Cooley, in his work on Constitutional Limitations (7th Ed.), p. 912, says:
“The system of ballot voting rests upon the idea that every elector is to be entirely at liberty to vote for whom he pleases and with what party he pleases, *409and that no one is to have the right, or be in position, to question his independent action, either then or at any subsequent time.”

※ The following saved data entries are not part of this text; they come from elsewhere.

(* Let $\langle\vec l,\vec c\rangle$ be an SS-uniformizable ladder system coloring and let $\mathbb{P}$ be a $\mathsf{stat}$-(K) poset. Then $\mathbb{P}$ forces that $\langle\vec l,\vec c\rangle$ is SS-uniformizable.
   Context: A ladder system is $\vec l=\langle l_\alpha:\alpha\in\omega_1\cap\mathrm{Lim}\rangle$ with each $l_\alpha\subseteq\alpha$ cofinal in $\alpha$ of order type $\omega$; $l_{\alpha,n}$ is the $n$-th element of $l_\alpha$ and $l_\alpha^n=\{l_{\alpha,m}:m\ge n\}$. A ladder system coloring is $\langle\vec l,\vec c\rangle$ with $\vec c=\langle c_\alpha:l_\alpha\to\omega\rangle$; it is uniformized on $S\subseteq\omega_1\cap\mathrm{Lim}$ if there is $k:S\to\omega$ with $\bigcup_{\alpha\in S}c_\alpha\restriction l_\alpha^{k(\alpha)}$ a function. It is SS-uniformizable if for every stationary $E\subseteq\omega_1$ it is uniformized on $E'\cap\mathrm{Lim}$ for some stationary $E'\subseteq E$. A poset is $\mathsf{stat}$-(K) if for every stationary $S\subseteq\omega_1$ and every $\langle p_\alpha:\alpha\in S\rangle$ there is a stationary $S'\subseteq S$ with $\{p_\alpha:\alpha\in S'\}$ linked (pairwise compatible). *)

(* Forcing is set up via the standard (Kunen-style) forcing
   relation, written as a shallow embedding: a "forced formula" is a predicate
   on conditions [P -> Prop]. *)
From Stdlib Require Import Arith.

(* [lt] is a strict well-order on [W] of order type omega_1: uncountable,
   all proper initial segments countable. *)
Definition is_omega1 {W : Type} (lt : W -> W -> Prop) : Prop :=
  (forall a, ~ lt a a) /\
  (forall a b c, lt a b -> lt b c -> lt a c) /\
  (forall a b, lt a b \/ a = b \/ lt b a) /\
  well_founded lt /\
  (forall f : W -> nat, exists a b, a <> b /\ f a = f b) /\
  (forall a, exists g : nat -> W, forall b, lt b a -> exists n, g n = b).

Definition is_limit {W : Type} (lt : W -> W -> Prop) (a : W) : Prop :=
  (exists b, lt b a) /\ (forall b, lt b a -> exists g, lt b g /\ lt g a).

Definition unbounded {W : Type} (lt : W -> W -> Prop) (C : W -> Prop) : Prop :=
  forall b, exists g, lt b g /\ C g.

Definition closed {W : Type} (lt : W -> W -> Prop) (C : W -> Prop) : Prop :=
  forall a, is_limit lt a ->
    (forall b, lt b a -> exists g, lt b g /\ lt g a /\ C g) -> C a.

Definition club {W : Type} (lt : W -> W -> Prop) (C : W -> Prop) : Prop :=
  unbounded lt C /\ closed lt C.

Definition stationary {W : Type} (lt : W -> W -> Prop) (E : W -> Prop) : Prop :=
  forall C, club lt C -> exists a, C a /\ E a.

(* Ladder system: l a n = l_{a,n}, the n-th element of l_a (for limit a);
   l_a = {l a n | n} is strictly increasing, below a and cofinal in a,
   hence of order type omega. *)
Definition ladder_system {W : Type} (lt : W -> W -> Prop) (l : W -> nat -> W) : Prop :=
  forall a, is_limit lt a ->
    (forall n, lt (l a n) (l a (S n))) /\
    (forall n, lt (l a n) a) /\
    (forall b, lt b a -> exists n, lt b (l a n)).

(* A coloring c_a : l_a -> omega is encoded as c : W -> nat -> nat with
   c a n = c_a(l_{a,n}). Uniformized on S by k: the union of
   c_a restricted to l_a^{k a} (a in S) is a function. *)
Definition uniformized_on {W : Type} (l : W -> nat -> W) (c : W -> nat -> nat)
  (S : W -> Prop) (k : W -> nat) : Prop :=
  forall a b m m', S a -> S b -> k a <= m -> k b <= m' ->
    l a m = l b m' -> c a m = c b m'.

Definition SS_uniformizable {W : Type} (lt : W -> W -> Prop)
  (l : W -> nat -> W) (c : W -> nat -> nat) : Prop :=
  forall E, stationary lt E ->
    exists E', (forall a, E' a -> E a) /\ stationary lt E' /\
      exists k : W -> nat, uniformized_on l c (fun a => E' a /\ is_limit lt a) k.

(* le q p : q is stronger than (extends) p *)
Definition poset {P : Type} (le : P -> P -> Prop) : Prop :=
  (forall p, le p p) /\ (forall p q r, le p q -> le q r -> le p r) /\
  (forall p q, le p q -> le q p -> p = q).

Definition compatible {P : Type} (le : P -> P -> Prop) (p q : P) : Prop :=
  exists r, le r p /\ le r q.

Definition stat_K {W : Type} (lt : W -> W -> Prop) {P : Type} (le : P -> P -> Prop) : Prop :=
  forall S, stationary lt S -> forall p : W -> P,
    exists S', (forall a, S' a -> S a) /\ stationary lt S' /\
      forall a b, S' a -> S' b -> compatible le (p a) (p b).

(* A P-name for a subset of a ground set T: a relation name T := T -> P -> Prop,
   i.e. the set of pairs (t, p); it is interpreted as {t | exists p in G, X t p}.
   [phi p] reads "p forces phi". *)
Definition name (P T : Type) := T -> P -> Prop.

(* p ||- t in X  iff the set of r extending some s with X t s is dense below p *)
Definition Fin {P : Type} (le : P -> P -> Prop) {T : Type} (X : name P T) (t : T) : P -> Prop :=
  fun p => forall q, le q p -> exists r, le r q /\ exists s, X t s /\ le r s.

Definition Fprop {P : Type} (Q : Prop) : P -> Prop := fun _ => Q.

Definition Fnot {P : Type} (le : P -> P -> Prop) (phi : P -> Prop) : P -> Prop :=
  fun p => forall q, le q p -> ~ phi q.

Definition Fand {P : Type} (phi psi : P -> Prop) : P -> Prop :=
  fun p => phi p /\ psi p.

Definition Fall {P : Type} {I : Type} (phi : I -> P -> Prop) : P -> Prop :=
  fun p => forall i, phi i p.

Definition Fimp {P : Type} (le : P -> P -> Prop) (phi psi : P -> Prop) : P -> Prop :=
  Fnot le (Fand phi (Fnot le psi)).

Definition Fex {P : Type} (le : P -> P -> Prop) {I : Type} (phi : I -> P -> Prop) : P -> Prop :=
  Fnot le (Fall (fun i => Fnot le (phi i))).

Definition Fclub {W : Type} (lt : W -> W -> Prop) {P : Type} (le : P -> P -> Prop)
  (C : name P W) : P -> Prop :=
  Fand
    (Fall (fun b => Fex le (fun g => Fand (Fprop (lt b g)) (Fin le C g))))
    (Fall (fun a => Fimp le (Fprop (is_limit lt a))
       (Fimp le
          (Fall (fun b => Fimp le (Fprop (lt b a))
             (Fex le (fun g => Fand (Fprop (lt b g /\ lt g a)) (Fin le C g)))))
          (Fin le C a)))).

Definition Fstationary {W : Type} (lt : W -> W -> Prop) {P : Type} (le : P -> P -> Prop)
  (E : name P W) : P -> Prop :=
  Fall (fun C : name P W => Fimp le (Fclub lt le C)
    (Fex le (fun a => Fand (Fin le C a) (Fin le E a)))).

Definition Fsubset {W : Type} {P : Type} (le : P -> P -> Prop) (E' E : name P W) : P -> Prop :=
  Fall (fun a => Fimp le (Fin le E' a) (Fin le E a)).

(* K (a name for a subset of W x nat) is (the graph of) a function
   k : E' cap Lim -> omega which uniformizes <l,c> on E' cap Lim *)
Definition Funiformizes {W : Type} (lt : W -> W -> Prop) {P : Type} (le : P -> P -> Prop)
  (l : W -> nat -> W) (c : W -> nat -> nat) (E' : name P W) (K : name P (W * nat)) : P -> Prop :=
  Fand
    (Fall (fun a => Fimp le (Fand (Fin le E' a) (Fprop (is_limit lt a)))
        (Fex le (fun n => Fin le K (a, n)))))
  (Fand
    (Fall (fun a => Fall (fun n => Fall (fun n' =>
       Fimp le (Fand (Fand (Fin le E' a) (Fprop (is_limit lt a)))
                     (Fand (Fin le K (a, n)) (Fin le K (a, n'))))
         (Fprop (n = n'))))))
    (Fall (fun a => Fall (fun b => Fall (fun n => Fall (fun n' =>
       Fall (fun m => Fall (fun m' =>
       Fimp le
         (Fand (Fand (Fin le E' a) (Fprop (is_limit lt a)))
         (Fand (Fand (Fin le E' b) (Fprop (is_limit lt b)))
         (Fand (Fand (Fin le K (a, n)) (Fin le K (b, n')))
               (Fprop (n <= m /\ n' <= m' /\ l a m = l b m')))))
         (Fprop (c a m = c b m')))))))))).

Definition F_SS_uniformizable {W : Type} (lt : W -> W -> Prop) {P : Type} (le : P -> P -> Prop)
  (l : W -> nat -> W) (c : W -> nat -> nat) : P -> Prop :=
  Fall (fun E : name P W => Fimp le (Fstationary lt le E)
    (Fex le (fun E' : name P W =>
      Fand (Fsubset le E' E)
      (Fand (Fstationary lt le E')
        (Fex le (fun K : name P (W * nat) => Funiformizes lt le l c E' K)))))).

From Stdlib Require Import Classical IndefiniteDescription Cantor.

(* Work below a condition [p] forcing [E] stationary. The set of ordinals that some
   extension of [p] forces into [E] is stationary in the ground model, so ground
   SS-uniformizability gives a stationary [E1] inside it with a uniformizing [k];
   choosing [r a <= p] forcing [a] into [E] for [a] in [E1], the name
   [{(a, r a) : a in E1}] is forced into [E], and [k] still uniformizes on it.
   It remains to see that some [r a] has an extension forcing this name stationary.
   Otherwise every [r a] has an extension [t a] forcing a club [C a] disjoint from
   it; stat-(K) makes the [t a] pairwise compatible on a stationary [S], and, again
   by stat-(K), a forced club contains a ground club, so some [b] in [S] is forced
   into [C a] by [t a]; a common extension of [t a] and [t b] then forces [b] into
   both [C a] and the name. *)

Lemma guarded_choice {A B : Type} (D : A -> Prop) (R : A -> B -> Prop) (b0 : B) :
  (forall a, D a -> exists b, R a b) -> exists f : A -> B, forall a, D a -> R a (f a).
Proof.
  intro H. apply (functional_choice (fun a b => D a -> R a b)). intro a.
  destruct (classic (D a)) as [Da | nDa].
  - destruct (H a Da) as [b Hb]. exists b. auto.
  - exists b0. tauto.
Qed.

Lemma wf_minimal {W : Type} (lt : W -> W -> Prop) : well_founded lt ->
  forall (U : W -> Prop) y, U y -> exists m, U m /\ forall z, lt z m -> ~ U z.
Proof.
  intros wf U y. induction y as [y IH] using (well_founded_ind wf). intro Uy.
  destruct (classic (exists z, lt z y /\ U z)) as [[z [ltzy Uz]] | H].
  - exact (IH z ltzy Uz).
  - exists y. split; [exact Uy |]. intros z ltzy Uz. apply H. eauto.
Qed.

Section Omega1.

Context {W : Type} (lt : W -> W -> Prop).
Hypothesis Hom : is_omega1 lt.

Lemma omega1_trans a b c : lt a b -> lt b c -> lt a c.
Proof. apply Hom. Qed.

Lemma omega1_trichotomy a b : lt a b \/ a = b \/ lt b a.
Proof. apply Hom. Qed.

Lemma omega1_not_countable (f : nat -> W) : exists y, forall n, f n <> y.
Proof.
  destruct Hom as (_ & _ & _ & _ & unc & _).
  apply NNPP. intro Hsurj.
  destruct (functional_choice (fun y n => f n = y)) as [s Hs].
  { intro y. apply NNPP. intro Hy. apply Hsurj. exists y. intros n Hn. apply Hy. eauto. }
  destruct (unc s) as [a [b [neq_ab eq_s]]].
  apply neq_ab. rewrite <- (Hs a), <- (Hs b), eq_s. reflexivity.
Qed.

(* The initial segments below the [g n] are countable, so a sequence with no
   upper bound would enumerate [W]. *)
Lemma omega1_countable_bounded (g : nat -> W) : exists b, forall n, lt (g n) b.
Proof.
  destruct Hom as (_ & _ & _ & _ & _ & enum).
  destruct (functional_choice (fun n (e : nat -> W) => forall b, lt b (g n) -> exists m, e m = b))
    as [e He].
  { intro n. apply enum. }
  set (f k := let '(i, m) := of_nat k in
              match m with 0 => g i | S m' => e i m' end).
  destruct (omega1_not_countable f) as [y Hy]. exists y. intro n.
  destruct (omega1_trichotomy (g n) y) as [H | [H | H]]; [exact H | exfalso ..].
  - apply (Hy (to_nat (n, 0))). unfold f. rewrite cancel_of_to. exact H.
  - destruct (He n y H) as [m Hm].
    apply (Hy (to_nat (n, S m))). unfold f. rewrite cancel_of_to. exact Hm.
Qed.

Lemma omega1_no_max x : exists y, lt x y.
Proof.
  destruct (omega1_countable_bounded (fun _ => x)) as [b Hb]. exists b. exact (Hb 0).
Qed.

Lemma omega1_sup (x : nat -> W) : (forall n, lt (x n) (x (S n))) ->
  exists d, (forall n, lt (x n) d) /\ (forall b, lt b d -> exists n, lt b (x n)) /\
            is_limit lt d.
Proof.
  intro Hx. destruct Hom as (_ & _ & _ & wf & _).
  destruct (omega1_countable_bounded x) as [b0 Hb0].
  destruct (wf_minimal lt wf (fun d => forall n, lt (x n) d) b0 Hb0) as [d [Hd Hmin]].
  assert (Hcof : forall b, lt b d -> exists n, lt b (x n)).
  { intros b ltbd. destruct (not_all_ex_not _ _ (Hmin b ltbd)) as [n Hn]. exists (S n).
    destruct (omega1_trichotomy (x n) b) as [H | [<- | H]];
      [contradiction | apply Hx | eauto using omega1_trans]. }
  exists d. repeat split; [exact Hd | exact Hcof | exists (x 0); apply Hd |].
  intros b ltbd. destruct (Hcof b ltbd) as [n Hn]. exists (x n). auto.
Qed.

Lemma club_tail b : club lt (fun g => lt b g).
Proof.
  split.
  - intro a. destruct (omega1_no_max b) as [y Hy]. destruct (omega1_no_max a) as [z Hz].
    destruct (omega1_trichotomy y z) as [H | [<- | H]]; eauto using omega1_trans.
  - intros a [[e lt_ea] _] Hcl. destruct (Hcl e lt_ea) as [g [_ [lt_ga Hg]]].
    eauto using omega1_trans.
Qed.

Lemma stationary_unbounded S : stationary lt S -> forall b, exists g, lt b g /\ S g.
Proof. intros HS b. exact (HS _ (club_tail b)). Qed.

Lemma omega1_inhabited : inhabited W.
Proof.
  destruct Hom as (_ & _ & _ & _ & unc & _). destruct (unc (fun _ => 0)) as [a _].
  exact (inhabits a).
Qed.

Lemma stationary_nonempty S : stationary lt S -> exists a, S a.
Proof.
  intro HS. destruct omega1_inhabited as [b].
  destruct (stationary_unbounded S HS b) as [a [_ Sa]]. eauto.
Qed.

Lemma stationary_full : stationary lt (fun _ => True).
Proof.
  intros C [HC _]. destruct omega1_inhabited as [b]. destruct (HC b) as [g [_ Cg]]. eauto.
Qed.

Lemma club_of_closure_points (good : W -> W -> Prop) :
  (forall b, exists d, good b d) ->
  (forall b d, good b d -> lt b d) ->
  (forall b d d', good b d -> lt d d' -> good b d') ->
  (forall b b' d, good b d -> lt b' b -> good b' d) ->
  club lt (fun d => is_limit lt d /\ forall b, lt b d -> good b d).
Proof.
  intros Hex Hlt Hright Hleft.
  destruct (functional_choice good Hex) as [h Hh]. split.
  - intro b. set (x n := Nat.iter n h b).
    assert (Hx : forall n, good (x n) (x (S n))) by (intro n; apply Hh).
    destruct (omega1_sup x (fun n => Hlt _ _ (Hx n))) as [d [Hub [Hcof Hlim]]].
    exists d. split; [exact (Hub 0) | split; [exact Hlim |]].
    intros b' ltb'd. destruct (Hcof b' ltb'd) as [n Hn].
    exact (Hleft _ _ _ (Hright _ _ _ (Hx n) (Hub (S n))) Hn).
  - intros a Hlim Hcl. split; [exact Hlim |]. intros b ltba.
    destruct (Hcl b ltba) as [g [ltbg [ltga [_ Hg]]]]. exact (Hright _ _ _ (Hg b ltbg) ltga).
Qed.
End Omega1.
Section Forcing.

The question was before the Supreme Court in Florida, in State, ex rel. Atty. Gen., v. Billon, 32 Fla., 545, 579,14 South., 383, 393 (22 L. R. A., 124), where that court declared:
“There is no doubt in our minds about the right of the Legislature to prescribe an official ballot and to prohibit the use of any other, and the provisions of the act in reference to printing the names of candidates regularly nominated by a convention, mass meeting, or primary election, or who run as independents, are valid. But the Legislature cannot, in our judgment, restrict an elector to voting for some one of the candidates whose names have been printed upon the official ballot. He must be left free to vote for whom he pleases, and the Constitution has guaranteed to him this right. If the Legislature can restrict the voter to some candidate whose name is printed on the official ballot, then it may prescribe such regulations for getting the names of candidates on the ballot as will completely destroy the liberty of choice.”
Again, in Sanner v. Patton, 155 Ill., 553, 563, 40 N. E., 290, 292, we find:
“It is also said that ample provision has been made in the act whereby candidates may be nominated, and thus be entitled to have their names placed on the ticket, and that it is the intention of the act that no vote should be cast for a person who was not nominated. If such was the intention, why did not the Legislature say so, and why did it say directly the contrary? "What, it may be asked, is *410there so sacred in the nomination of a candidate for office by a political caucus that a voter should be compelled to vote for a nominee of the caucus or else be deprived of the elective franchise? * * * The Legislature does not possess the power to take away from a resident citizen the right of suffrage unless he has been convicted of an infamous crime. Nor can the Legislature do indirectly what they cannot do directly, and yet, if the construction contended for by appellee be the correct one, the voter is deprived of the constitutional right of suffrage. He is deprived of the right of exercising his own choice, and when this right is taken away there is nothing left worthy of the name of the right of suffrage— the boasted free ballot becomes a delusion.”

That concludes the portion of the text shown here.